Closing her eyes as she pretended to fuss with the cart and the meds, Samantha couldn’t stop herself from smiling. Jed knew it was her favorite smell. She’d mentioned it once, early on. She’d never told him that she noticed how the scent always wafted around her when she got close to his room. Saying it aloud would mean the ones who watched them would be able to hear. It would be proof that Jed was still capable of manipulating his environment. Proof of a connection between them that she didn’t dare let anyone know about.
She drew in another slow breath, though, delighting in the scent. As she stood, the meds for B5 in one hand, the door at the end of the hall opened and Dr. Ransom came through it, flanked as he always was by two guards. He nodded at her, stopping in front of Jed’s room.
“Hello, Nurse. I’m here to get Jed for a session.”
“He hasn’t had his meds yet—” The doctor was already gesturing to one of the guards to step forward and take them from her. With a frown, Samantha pulled the small paper cup from the cart but didn’t hand it over. “If you can wait a few minutes, I’ll be happy to—”
Again, the doctor cut her off with a dismissive wave. “Not necessary, thank you, Nurse.”

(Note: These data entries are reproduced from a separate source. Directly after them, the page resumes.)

(* Let $X$ be a Banach lattice and $S$ a convex $C_0$-semigroup on $X$. Let $(x_n)_{n\in\mathbb N}$, $(y_n)_{n\in\mathbb N}$ be sequences in $X$ with $x_n\to x\in X$ and $y_n\to y\in X$, and let $(h_n)_{n\in\mathbb N}$ be a sequence in $(0,\infty)$ with $h_n\downarrow0$. Then $S_{x_n}(h_n)y_n\to y$.
   Context: An operator $T\colon X\to X$ is convex if $T(\lambda x+(1-\lambda)y)\le\lambda Tx+(1-\lambda)Ty$ for all $x,y\in X$, $\lambda\in[0,1]$, and bounded if $\sup_{\|x\|\le r}\|Tx\|<\infty$ for all $r>0$. A convex $C_0$-semigroup is a family $(S(t))_{t\ge0}$ of bounded convex operators $X\to X$ with $S(0)=\mathrm{id}$, $S(t+s)=S(t)S(s)$ for all $s,t\ge0$, and $S(t)x\to x$ as $t\downarrow0$ for all $x$. For $t\ge0$ and $x,y\in X$, $S_x(t)y:=S(t)(x+y)-S(t)x$. *)

From HB Require Import structures.
From mathcomp Require Import all_boot all_order all_algebra.
From mathcomp Require Import all_classical all_reals all_analysis.
Set Implicit Arguments. Unset Strict Implicit. Unset Printing Implicit Defensive.
Import Order.TTheory GRing.Theory Num.Theory.
Import numFieldNormedType.Exports.
Local Open Scope ring_scope.
Local Open Scope classical_set_scope.

Record banach_lattice (R : realType) (X : completeNormedModType R) := BanachLattice {
  bl_le : X -> X -> Prop;
  bl_join : X -> X -> X;
  bl_le_refl : forall x, bl_le x x;
  bl_le_anti : forall x y, bl_le x y -> bl_le y x -> x = y;
  bl_le_trans : forall x y z, bl_le x y -> bl_le y z -> bl_le x z;
  bl_join_ubl : forall x y, bl_le x (bl_join x y);
  bl_join_ubr : forall x y, bl_le y (bl_join x y);
  bl_join_least : forall x y z, bl_le x z -> bl_le y z -> bl_le (bl_join x y) z;
  bl_le_add : forall x y z, bl_le x y -> bl_le (x + z) (y + z);
  bl_le_scale : forall (a : R) x y, 0 <= a -> bl_le x y -> bl_le (a *: x) (a *: y);
  bl_norm_mono : forall x y,
    bl_le (bl_join x (- x)) (bl_join y (- y)) -> `|x| <= `|y|
}.

Section Ops.
Variables (R : realType) (X : completeNormedModType R) (L : banach_lattice X).

Definition convex_op (T : X -> X) : Prop :=
  forall (x y : X) (l : R), 0 <= l -> l <= 1 ->
    bl_le L (T (l *: x + (1 - l) *: y)) (l *: T x + (1 - l) *: T y).

Definition bounded_op (T : X -> X) : Prop :=
  forall r : R, 0 < r -> exists M : R, forall x : X, `|x| <= r -> `|T x| <= M.

(* Convex C_0-semigroup; S t is only relevant for t >= 0. *)
Definition convex_C0_semigroup (S : R -> X -> X) : Prop :=
  [/\ (forall t : R, 0 <= t -> convex_op (S t) /\ bounded_op (S t)),
      S 0 = id,
      (forall s t : R, 0 <= s -> 0 <= t -> S (t + s) = S t \o S s)
    & (forall x : X, S t x @[t --> 0^'+] --> x)].

Definition S_at (S : R -> X -> X) (x : X) (t : R) (y : X) : X :=
  S t (x + y) - S t x.

End Ops.

From HB Require Import structures.
From mathcomp Require Import all_boot all_order all_algebra.
From mathcomp Require Import all_classical all_reals all_analysis.
From mathcomp Require Import ring lra.
Import Order.TTheory GRing.Theory Num.Theory.
Import numFieldNormedType.Exports.
Local Open Scope ring_scope.
Local Open Scope classical_set_scope.

(* Put T n := S (h n).  Strong continuity gives T n z --> z for every z, so the
   family (T n) is pointwise bounded; by Baire's theorem it is uniformly bounded
   on some ball, and then, by convexity, on a ball around every point.  In a
   Banach lattice a convex operator bounded by M on the ball B(p, 2 rho) is
   (4 M / rho)-Lipschitz on B(p, rho), so the T n are equi-Lipschitz near every
   point.  Hence T n (z n) --> z whenever z n --> z, and
   S_at S (xs n) (h n) (ys n) = T n (xs n + ys n) - T n (xs n) --> (x + y) - x. *)

Section BanachLatticeTheory.
Context {R : realType} {X : completeNormedModType R} {L : banach_lattice X}.
Implicit Types a b c u v x y z : X.

Lemma bl_leD2l z {x y} : bl_le L x y -> bl_le L (z + x) (z + y).
Proof. by move=> /(bl_le_add z); rewrite ![_ + z]addrC. Qed.

Lemma bl_leD {a b c d} : bl_le L a b -> bl_le L c d -> bl_le L (a + c) (b + d).
Proof. by move=> /(bl_le_add c) ac /(bl_leD2l b); apply: bl_le_trans. Qed.

Lemma bl_leN2 {x y} : bl_le L x y -> bl_le L (- y) (- x).
Proof.
by move=> /(bl_le_add (- x - y)); rewrite addrA subrr add0r addrCA subrr addr0.
Qed.

Definition bl_abs u := bl_join L u (- u).

Lemma bl_abs_ge0 u : bl_le L 0 (bl_abs u).
Proof.
have := bl_leD (bl_join_ubl L u (- u)) (bl_join_ubr L u (- u)).
rewrite subrr => /(bl_le_scale (_ : 0 <= 2^-1 :> R)).
rewrite scaler0 -mulr2n -[X in _ *: X]scaler_nat scalerA mulVf ?pnatr_eq0 //.
rewrite scale1r; apply.
by rewrite invr_ge0.
Qed.

Lemma ger0_bl_abs {v} : bl_le L 0 v -> bl_abs v = v.
Proof.
move=> v0; apply: bl_le_anti; last exact: bl_join_ubl.
apply: bl_join_least; first exact: bl_le_refl.
by have := bl_leN2 v0; rewrite oppr0 => /bl_le_trans; apply.
Qed.

Lemma norm_bl_abs u : `|bl_abs u| = `|u|.
Proof.
have absK := ger0_bl_abs (bl_abs_ge0 u).
apply/eqP; rewrite eq_le; apply/andP; split; apply: (bl_norm_mono (b := L));
  by move: absK; rewrite /bl_abs => ->; exact: bl_le_refl.
Qed.

Lemma bl_norm_mono_ge0 {u v} : bl_le L 0 u -> bl_le L u v -> `|u| <= `|v|.
Proof.
move=> u0 uv; apply: (bl_norm_mono (b := L)).
by rewrite -!/(bl_abs _) !ger0_bl_abs //; apply: bl_le_trans uv.
Qed.

Lemma bl_norm_sandwich {a b c} :
  bl_le L a c -> bl_le L c b -> `|c| <= `|a| + `|b|.
Proof.
move=> ac cb; have [a0 b0] := (bl_abs_ge0 a, bl_abs_ge0 b).
have c_le : bl_le L (bl_abs c) (bl_abs a + bl_abs b).
  apply: bl_join_least.
    apply: bl_le_trans cb _; rewrite addrC.
    by apply: bl_le_trans (bl_leD2l _ a0); rewrite addr0; exact: bl_join_ubl.
  apply: bl_le_trans (bl_leN2 ac) _.
  by apply: bl_le_trans (bl_leD2l _ b0); rewrite addr0; exact: bl_join_ubr.
rewrite -(norm_bl_abs c) -(norm_bl_abs a) -(norm_bl_abs b).
apply: le_trans (bl_norm_mono_ge0 (bl_abs_ge0 c) c_le) _; exact: ler_normD.
Qed.

End BanachLatticeTheory.

Section ConvexOperator.
Context {R : realType} {X : completeNormedModType R} {L : banach_lattice X}.
Context {T : X -> X}.
Hypothesis convT : convex_op L T.

Lemma convex_op_mid a b :
  bl_le L (T (2^-1 *: a + 2^-1 *: b)) (2^-1 *: T a + 2^-1 *: T b).
Proof.
have half : 1 - 2^-1 = 2^-1 :> R by field.
have := convT a b 2^-1; rewrite half; apply; first by rewrite invr_ge0.
by rewrite invf_le1 ?ler1n.
Qed.

Lemma convex_op_ge_reflect p z : bl_le L (2 *: T p - T (2 *: p - z)) (T z).
Proof.
have mid : 2^-1 *: z + 2^-1 *: (2 *: p - z) = p.
  by rewrite -scalerDr addrC subrK scalerA mulVf ?scale1r ?pnatr_eq0.
have := bl_le_scale (ler0n R 2) (convex_op_mid z (2 *: p - z)).
rewrite mid -scalerDr scalerA mulfV ?pnatr_eq0 // scale1r.
by move=> /(bl_le_add (- T (2 *: p - z))); rewrite addrK.
Qed.

Section BoundedNear.
Context {p : X} {rho M : R}.
Hypotheses (rho_gt0 : 0 < rho)
  (TM : forall z, `|z - p| <= 2 * rho -> `|T z| <= M).

Let M_ge0 : 0 <= M.
Proof.
apply: le_trans (normr_ge0 (T p)) (TM _ _).
by rewrite subrr normr0 mulr_ge0 // ltW.
Qed.

(* z1 is the convex combination of z2 and the point w on the ray from z2 through
   z1 at distance rho beyond z1, with weight d / (d + rho) on w, d = |z1 - z2|. *)
Lemma convex_op_increment_bound {z1 z2} : `|z1 - p| <= rho -> `|z2 - p| <= rho ->
  exists2 b, bl_le L (T z1 - T z2) b & `|b| <= 2 * M / rho * `|z1 - z2|.
Proof.
move=> z1p z2p; have [->|z12] := eqVneq z1 z2.
  by exists 0; rewrite ?subrr ?normr0 ?mulr0 //; exact: bl_le_refl.
set d := `|z1 - z2|; have d_gt0 : 0 < d by rewrite normr_gt0 subr_eq0.
set l := d / (d + rho); have dr_gt0 : 0 < d + rho by rewrite addr_gt0.
have l_ge0 : 0 <= l by rewrite divr_ge0 // ltW.
have l_le1 : l <= 1 by rewrite ler_pdivrMr // mul1r lerDl ltW.
have l_le : l <= d / rho by rewrite ler_pM2l // lef_pV2 ?posrE // lerDr ltW.
set w := z1 + (rho / d) *: (z1 - z2).
have wp : `|w - p| <= 2 * rho.
  rewrite /w addrAC; apply: le_trans (ler_normD _ _) _.
  rewrite normrZ ger0_norm; last by rewrite divr_ge0 // ltW.
  by rewrite -/d divfK ?gt_eqF // mulr2n mulrDl mul1r lerD2r.
have z1E : l *: w + (1 - l) *: z2 = z1.
  have lrd : l * (rho / d) = 1 - l by rewrite /l; field; rewrite ?gt_eqF.
  rewrite /w scalerDr scalerA lrd scalerBr addrA subrK -scalerDl.
  by rewrite addrC subrK scale1r.
exists (l *: (T w - T z2)).
  have := bl_le_add (- T z2) (convT w z2 l l_ge0 l_le1); rewrite z1E.
  by rewrite scalerBr scalerBl scale1r addrAC addrA subrK.
have Tw2 : `|T w - T z2| <= M + M.
  apply: le_trans (ler_normB _ _) _; apply: lerD; apply: TM => //.
  by apply: le_trans z2p _; rewrite ler_pMl // ler1n.
rewrite normrZ ger0_norm //; apply: le_trans (ler_wpM2l l_ge0 Tw2) _.
apply: le_trans (ler_wpM2r _ l_le) _; first by rewrite addr_ge0.
by rewrite le_eqVlt; apply/orP; left; apply/eqP; field; rewrite gt_eqF.
Qed.

Lemma convex_op_lipschitz z1 z2 : `|z1 - p| <= rho -> `|z2 - p| <= rho ->
  `|T z1 - T z2| <= 4 * M / rho * `|z1 - z2|.
Proof.
move=> z1p z2p.
have [b T12 b_le] := convex_op_increment_bound z1p z2p.
have [b' T21 b'_le] := convex_op_increment_bound z2p z1p.
have := bl_leN2 T21; rewrite opprB => /bl_norm_sandwich /(_ T12).
rewrite normrN => /le_trans; apply.
rewrite distrC in b'_le; apply: le_trans (lerD b'_le b_le) _.
by rewrite le_eqVlt; apply/orP; left; apply/eqP; field; rewrite gt_eqF.
Qed.

End BoundedNear.

End ConvexOperator.

Lemma cvg_lipschitz_near {R : realType} {V W : normedModType R} {I : Type}
    {F : set_system I} {FF : Filter F} (T : I -> V -> W) (z : I -> V)
    (p : V) (l : W) (rho K : R) :
  0 < rho ->
  (forall i z1 z2, `|z1 - p| <= rho -> `|z2 - p| <= rho ->
    `|T i z1 - T i z2| <= K * `|z1 - z2|) ->
  z @ F --> p -> T^~ p @ F --> l -> (fun i => T i (z i)) @ F --> l.
Proof.
move=> rho_gt0 TK zp Tpl.
have -> : (fun i => T i (z i)) = (fun i => (T i (z i) - T i p) + T i p).
  by apply/funext => i; rewrite subrK.
rewrite -[l]add0r; apply: cvgD => //; apply/cvgr0Pnorm_le => e e_gt0.
have Ke_gt0 : 0 < e / (`|K| + 1) by rewrite divr_gt0 // ltr_wpDl.
near=> i.
have zi_rho : `|z i - p| <= rho.
  by rewrite distrC; near: i; exact: cvgr_dist_le.
have zi_e : `|z i - p| <= e / (`|K| + 1).
  by rewrite distrC; near: i; exact: cvgr_dist_le.
apply: le_trans (TK i _ _ zi_rho _) _; first by rewrite subrr normr0 ltW.
move: zi_e; rewrite ler_pdivlMr ?ltr_wpDl // => zi_e.
have := normr_ge0 (z i - p); have := ler_norm K; nra.
Unshelve. all: by end_near.
Qed.

Lemma convex_op_continuous {R : realType} {X : completeNormedModType R}
    {L : banach_lattice X} (T : X -> X) :
  convex_op L T -> bounded_op T -> continuous T.
Proof.
move=> convT boundT p.
have [M TM] := boundT (`|p| + 2) (ltr_wpDl (normr_ge0 _) (ltr0n _ 2)).
have TM_near z : `|z - p| <= 2 * 1 -> `|T z| <= M.
  rewrite mulr1 => zp; apply: TM; rewrite -(subrK p z) addrC.
  by apply: le_trans (ler_normD _ _) _; rewrite lerD2l.
have T_lip := convex_op_lipschitz convT ltr01 TM_near.
exact: (cvg_lipschitz_near (fun=> T) id p (T p) _ _ ltr01 (fun=> T_lip)
  cvg_id (cvg_cst _)).
Qed.

Lemma Baire_closed_cover {R : realType} {U : completeNormedModType R}
    (C : (set U)^nat) :
  (forall n, closed (C n)) -> (forall u, exists n, C n u) ->
  exists n u (r : R), 0 < r /\ ball u r `<=` C n.
Proof.
move=> C_closed C_cover; apply: contrapT => no_ball.
have dense_C n : dense (~` C n).
  move=> O [u Ou] O_open; apply/set0P/eqP.
  move=> /disjoints_subset; rewrite setCK => OC.
  have /nbhs_ballP[r r_gt0 ruO] : nbhs u O by apply: open_nbhs_nbhs.
  by apply: no_ball; exists n, u, r; split => // v /ruO /OC.
have /Baire : forall n, open (~` C n) /\ dense (~` C n).
  by move=> n; rewrite openC.
rewrite -setC_bigcup (_ : \bigcup_n C n = setT) ?setCT; first exact: dense0.
by apply/seteqP; split => // u _; have [n Cnu] := C_cover u; exists n.
Qed.

Section ConvexFamily.
Context {R : realType} {X : completeNormedModType R} {L : banach_lattice X}.
Context {T : nat -> X -> X}.
Hypotheses (convT : forall k, convex_op L (T k))
  (boundT : forall k, bounded_op (T k))
  (ptw_boundT : forall z, exists M, forall k, `|T k z| <= M).

Lemma convex_family_bounded_on_ball :
  exists x0 r M, 0 < r /\ forall k z, ball x0 r z -> `|T k z| <= M.
Proof.
pose C n := \bigcap_k ((fun z => `|T k z|) @^-1` [set t | t <= n%:R]).
have C_closed n : closed (C n).
  apply: closed_bigI => k _; apply: preimage_closed (@closed_le _ _) => z _.
  apply: continuous_comp; last exact: norm_continuous.
  exact: convex_op_continuous (convT k) (boundT k) z.
have C_cover z : exists n, C n z.
  have [M TM] := ptw_boundT z; exists (Num.truncn M).+1 => k _ /=.
  exact: le_trans (TM k) (ltW (truncnS_gt M)).
have [n [x0 [r [r_gt0 ballC]]]] := Baire_closed_cover _ C_closed C_cover.
by exists x0, r, n%:R; split => // k z /ballC; apply.
Qed.

(* Reflecting the ball B(x0, r) through p bounds T k from above near p;
   convexity at the midpoint p of z and 2 p - z then bounds it from below. *)
Lemma convex_family_bounded_near p :
  exists rho M, 0 < rho /\ forall k z, `|z - p| <= 2 * rho -> `|T k z| <= M.
Proof.
have [x0 [r [M [r_gt0 TM]]]] := convex_family_bounded_on_ball.
have [Mq TMq] := ptw_boundT (2 *: p - x0); have [Mp TMp] := ptw_boundT p.
pose B := 2^-1 * Mq + 2^-1 * M.
have upper k z : `|z - p| < r / 2 -> exists2 b, bl_le L (T k z) b & `|b| <= B.
  move=> zp; pose w := x0 + 2 *: (z - p).
  have w_ball : ball x0 r w.
    rewrite -ball_normE /ball_ /= /w opprD addrA subrr add0r normrN normrZ.
    by rewrite ger0_norm // -ltr_pdivlMl // mulrC.
  have -> : z = 2^-1 *: (2 *: p - x0) + 2^-1 *: w.
    rewrite -scalerDr /w addrA subrK scalerBr addrC subrK scalerA.
    by rewrite mulVf ?pnatr_eq0 ?scale1r.
  exists (2^-1 *: T k (2 *: p - x0) + 2^-1 *: T k w); first exact: convex_op_mid.
  apply: le_trans (ler_normD _ _) _; rewrite !normrZ ger0_norm ?invr_ge0 //.
  by apply: lerD; apply: ler_wpM2l; rewrite ?invr_ge0 // TM.
exists (r / 8), (2 * Mp + B + B); split => [|k z zp]; first by rewrite divr_gt0.
have zp2 : `|z - p| < r / 2 by apply: le_lt_trans zp _; lra.
have [b Tb b_le] := upper k z zp2.
have [b' Tb' b'_le] : exists2 b', bl_le L (T k (2 *: p - z)) b' & `|b'| <= B.
  by apply: upper; rewrite scaler_nat mulr2n addrAC addrK distrC.
have lower : bl_le L (2 *: T k p - b') (T k z).
  apply: bl_le_trans _ (convex_op_ge_reflect (convT k) p z).
  exact: bl_leD2l _ (bl_leN2 Tb').
apply: le_trans (bl_norm_sandwich lower Tb) _; apply: lerD => //.
apply: le_trans (ler_normB _ _) _; apply: lerD => //.
by rewrite normrZ ger0_norm // ler_wpM2l.
Qed.

Lemma convex_family_cvg (z : nat -> X) (p l : X) :
  z @ \oo --> p -> T^~ p @ \oo --> l -> (fun k => T k (z k)) @ \oo --> l.
Proof.
have [rho [M [rho_gt0 TM]]] := convex_family_bounded_near p.
have T_lip k := convex_op_lipschitz (convT k) rho_gt0 (TM k).
exact: cvg_lipschitz_near T_lip.
Qed.

End ConvexFamily.

Theorem corollary2p6 (R : realType) (X : completeNormedModType R)
  (L : banach_lattice X) (S : R -> X -> X)
  (xs ys : nat -> X) (x y : X) (h : nat -> R) :
  convex_C0_semigroup L S ->
  xs @ \oo --> x ->
  ys @ \oo --> y ->
  (forall n, 0 < h n) ->
  (forall n, h n.+1 <= h n) ->
  h @ \oo --> 0 ->
  (fun n => S_at S (xs n) (h n) (ys n)) @ \oo --> y.
Proof.
move=> [S_conv_bound _ _ S_cont] xs_x ys_y h_gt0 _ h_0.
pose T n := S (h n).
have convT n : convex_op L (T n) := (S_conv_bound _ (ltW (h_gt0 n))).1.
have boundT n : bounded_op (T n) := (S_conv_bound _ (ltW (h_gt0 n))).2.
have h_0r : h @ \oo --> (0 : R)^'+.
  move=> A /h_0[N _ hA]; exists N => // n /hA; apply; exact: h_gt0.
have T_id z : T^~ z @ \oo --> z := cvg_comp _ _ h_0r (S_cont z).
have ptw_boundT z : exists M, forall n, `|T n z| <= M.
  have [M _ TM] := ex_strict_bound_gt0 (cvg_seq_bounded (cvgP _ (T_id z))).
  by exists M => n; exact: ltW (TM n Logic.I).
have T_cvg := convex_family_cvg convT boundT ptw_boundT.
have -> : y = (x + y) - x by rewrite [x + y]addrC addrK.
apply: cvgB; first exact: T_cvg (cvgD xs_x ys_y) (T_id _).
exact: T_cvg xs_x (T_id _).
Qed.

The scent of lavender faded, replaced by the chemical, hospital stink that burned the insides of her nose, making her cough. The pills chattered a little in the paper cup, and she forced her hands to stop shaking. “It would really only take—”
Dr. Ransom’s head swung around and, for the first time in perhaps the entirety of her working here, he looked Samantha in the face. “Is there some reason you feel it necessary to argue with me?”
“No.” With that same bright, plastic smile, Samantha handed over the pills to the guard, who took the paper cup without even blinking. “Of course not.”
“Get back to work,” Ransom told her, already dismissing her and looking through the portal.
Samantha wasn’t dumb enough to say another word. She lingered, though, at the cart, until they brought Jed out. Not in cuffs, although the men on either side of him were clearly ready to handle him if he did anything out of line. He hadn’t in the past eighteen months, but she knew he had, a long time ago. Watching Ransom’s face, she thought the doctor was sort of hoping Jed would pull something now, so he’d have an excuse to order Jed’s restraint.
Was this it? The end of things? Were they finally taking him away? Should she react? There’d been no word from the Crew, and nothing from Wyrmwood, either. No changes in the schedule that would indicate that anything had changed.
Jed didn’t look at her when he came out of the room. Not so much as a glance over his shoulder.
She was already planning her attack when the softly drifting scent of lavender returned. She didn’t think he even knew she was there. She’d never spoken to Jed about the real reasons she’d come to Wyrmwood, but it wasn’t impossible that he knew and understood. Not out of the realm of possibility that he would know before she could, before anyone else could, that his time here was over.
Jed came back as Samantha was finishing her shift. She heard the doors open and stood up from her place at the desk to look. Ransom hadn’t come back with him. The same two guards from before were marching him to his room, a hand beneath each of his elbows to hold him up. He looked exhausted.
“Does he need something? Jed, do you need something?” She came around the desk to face them.
“Doctor said he’ll be fine, he just needs to sleep.” One of the guards gave her an assessing up-and-down look, and then a surprising grin. “I could use a little something, though.”